* **TASK PROMPT**:
Return every record below exactly.

* **MATERIAL PROVIDED**:
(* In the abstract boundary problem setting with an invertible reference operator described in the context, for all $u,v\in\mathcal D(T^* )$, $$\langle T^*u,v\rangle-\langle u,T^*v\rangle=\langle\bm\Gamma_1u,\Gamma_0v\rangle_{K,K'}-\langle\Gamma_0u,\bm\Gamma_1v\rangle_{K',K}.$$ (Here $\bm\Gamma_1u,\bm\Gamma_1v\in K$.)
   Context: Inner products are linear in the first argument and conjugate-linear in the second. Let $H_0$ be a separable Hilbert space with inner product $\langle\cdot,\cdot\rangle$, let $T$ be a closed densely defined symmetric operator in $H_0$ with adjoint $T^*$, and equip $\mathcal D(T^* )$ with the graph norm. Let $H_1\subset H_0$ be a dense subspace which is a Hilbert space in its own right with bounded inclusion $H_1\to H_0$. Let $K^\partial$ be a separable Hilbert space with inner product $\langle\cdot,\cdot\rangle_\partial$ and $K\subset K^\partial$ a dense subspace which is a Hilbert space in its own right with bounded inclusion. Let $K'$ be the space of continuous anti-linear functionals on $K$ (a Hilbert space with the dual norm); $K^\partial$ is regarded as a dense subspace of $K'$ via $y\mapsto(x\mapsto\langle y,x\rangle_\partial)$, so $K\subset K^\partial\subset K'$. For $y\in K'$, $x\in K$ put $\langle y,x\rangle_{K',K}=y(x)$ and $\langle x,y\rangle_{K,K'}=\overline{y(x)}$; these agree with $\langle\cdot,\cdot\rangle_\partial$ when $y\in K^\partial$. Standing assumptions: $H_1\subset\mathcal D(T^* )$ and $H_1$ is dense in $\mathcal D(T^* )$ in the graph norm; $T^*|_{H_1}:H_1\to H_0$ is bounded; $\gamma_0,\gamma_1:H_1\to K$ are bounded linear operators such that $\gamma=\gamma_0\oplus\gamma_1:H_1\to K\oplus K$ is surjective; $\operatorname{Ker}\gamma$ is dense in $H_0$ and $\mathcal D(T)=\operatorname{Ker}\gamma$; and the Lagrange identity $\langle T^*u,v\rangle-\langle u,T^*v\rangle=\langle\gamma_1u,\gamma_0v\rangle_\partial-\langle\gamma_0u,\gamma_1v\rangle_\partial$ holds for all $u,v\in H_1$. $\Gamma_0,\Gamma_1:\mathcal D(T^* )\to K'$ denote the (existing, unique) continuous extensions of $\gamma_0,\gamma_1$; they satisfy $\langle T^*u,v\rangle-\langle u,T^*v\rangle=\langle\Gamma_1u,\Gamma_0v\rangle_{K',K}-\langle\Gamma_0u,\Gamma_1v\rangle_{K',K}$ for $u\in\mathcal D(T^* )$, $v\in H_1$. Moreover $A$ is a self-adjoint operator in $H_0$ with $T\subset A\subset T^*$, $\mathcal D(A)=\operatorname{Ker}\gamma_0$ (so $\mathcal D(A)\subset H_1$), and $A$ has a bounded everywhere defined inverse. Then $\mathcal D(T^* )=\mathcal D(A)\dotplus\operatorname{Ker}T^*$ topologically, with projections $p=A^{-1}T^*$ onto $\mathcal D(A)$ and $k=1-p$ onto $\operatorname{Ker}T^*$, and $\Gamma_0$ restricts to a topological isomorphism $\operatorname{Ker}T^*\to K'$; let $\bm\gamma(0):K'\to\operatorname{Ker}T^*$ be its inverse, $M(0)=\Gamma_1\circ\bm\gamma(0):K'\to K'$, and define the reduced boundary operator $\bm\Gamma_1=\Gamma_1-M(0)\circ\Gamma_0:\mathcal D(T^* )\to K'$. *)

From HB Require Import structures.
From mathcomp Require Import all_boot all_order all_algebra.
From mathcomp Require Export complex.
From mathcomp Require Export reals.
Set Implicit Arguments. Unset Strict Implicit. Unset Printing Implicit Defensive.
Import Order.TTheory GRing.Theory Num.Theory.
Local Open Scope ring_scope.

* **RESULT OF THIS TASK**:
(* In the abstract boundary problem setting with an invertible reference operator described in the context, for all $u,v\in\mathcal D(T^* )$, $$\langle T^*u,v\rangle-\langle u,T^*v\rangle=\langle\bm\Gamma_1u,\Gamma_0v\rangle_{K,K'}-\langle\Gamma_0u,\bm\Gamma_1v\rangle_{K',K}.$$ (Here $\bm\Gamma_1u,\bm\Gamma_1v\in K$.)
   Context: Inner products are linear in the first argument and conjugate-linear in the second. Let $H_0$ be a separable Hilbert space with inner product $\langle\cdot,\cdot\rangle$, let $T$ be a closed densely defined symmetric operator in $H_0$ with adjoint $T^*$, and equip $\mathcal D(T^* )$ with the graph norm. Let $H_1\subset H_0$ be a dense subspace which is a Hilbert space in its own right with bounded inclusion $H_1\to H_0$. Let $K^\partial$ be a separable Hilbert space with inner product $\langle\cdot,\cdot\rangle_\partial$ and $K\subset K^\partial$ a dense subspace which is a Hilbert space in its own right with bounded inclusion. Let $K'$ be the space of continuous anti-linear functionals on $K$ (a Hilbert space with the dual norm); $K^\partial$ is regarded as a dense subspace of $K'$ via $y\mapsto(x\mapsto\langle y,x\rangle_\partial)$, so $K\subset K^\partial\subset K'$. For $y\in K'$, $x\in K$ put $\langle y,x\rangle_{K',K}=y(x)$ and $\langle x,y\rangle_{K,K'}=\overline{y(x)}$; these agree with $\langle\cdot,\cdot\rangle_\partial$ when $y\in K^\partial$. Standing assumptions: $H_1\subset\mathcal D(T^* )$ and $H_1$ is dense in $\mathcal D(T^* )$ in the graph norm; $T^*|_{H_1}:H_1\to H_0$ is bounded; $\gamma_0,\gamma_1:H_1\to K$ are bounded linear operators such that $\gamma=\gamma_0\oplus\gamma_1:H_1\to K\oplus K$ is surjective; $\operatorname{Ker}\gamma$ is dense in $H_0$ and $\mathcal D(T)=\operatorname{Ker}\gamma$; and the Lagrange identity $\langle T^*u,v\rangle-\langle u,T^*v\rangle=\langle\gamma_1u,\gamma_0v\rangle_\partial-\langle\gamma_0u,\gamma_1v\rangle_\partial$ holds for all $u,v\in H_1$. $\Gamma_0,\Gamma_1:\mathcal D(T^* )\to K'$ denote the (existing, unique) continuous extensions of $\gamma_0,\gamma_1$; they satisfy $\langle T^*u,v\rangle-\langle u,T^*v\rangle=\langle\Gamma_1u,\Gamma_0v\rangle_{K',K}-\langle\Gamma_0u,\Gamma_1v\rangle_{K',K}$ for $u\in\mathcal D(T^* )$, $v\in H_1$. Moreover $A$ is a self-adjoint operator in $H_0$ with $T\subset A\subset T^*$, $\mathcal D(A)=\operatorname{Ker}\gamma_0$ (so $\mathcal D(A)\subset H_1$), and $A$ has a bounded everywhere defined inverse. Then $\mathcal D(T^* )=\mathcal D(A)\dotplus\operatorname{Ker}T^*$ topologically, with projections $p=A^{-1}T^*$ onto $\mathcal D(A)$ and $k=1-p$ onto $\operatorname{Ker}T^*$, and $\Gamma_0$ restricts to a topological isomorphism $\operatorname{Ker}T^*\to K'$; let $\bm\gamma(0):K'\to\operatorname{Ker}T^*$ be its inverse, $M(0)=\Gamma_1\circ\bm\gamma(0):K'\to K'$, and define the reduced boundary operator $\bm\Gamma_1=\Gamma_1-M(0)\circ\Gamma_0:\mathcal D(T^* )\to K'$. *)

From HB Require Import structures.
From mathcomp Require Import all_boot all_order all_algebra.
From mathcomp Require Export complex.
From mathcomp Require Export reals.
Set Implicit Arguments. Unset Strict Implicit. Unset Printing Implicit Defensive.
Import Order.TTheory GRing.Theory Num.Theory.
Local Open Scope ring_scope.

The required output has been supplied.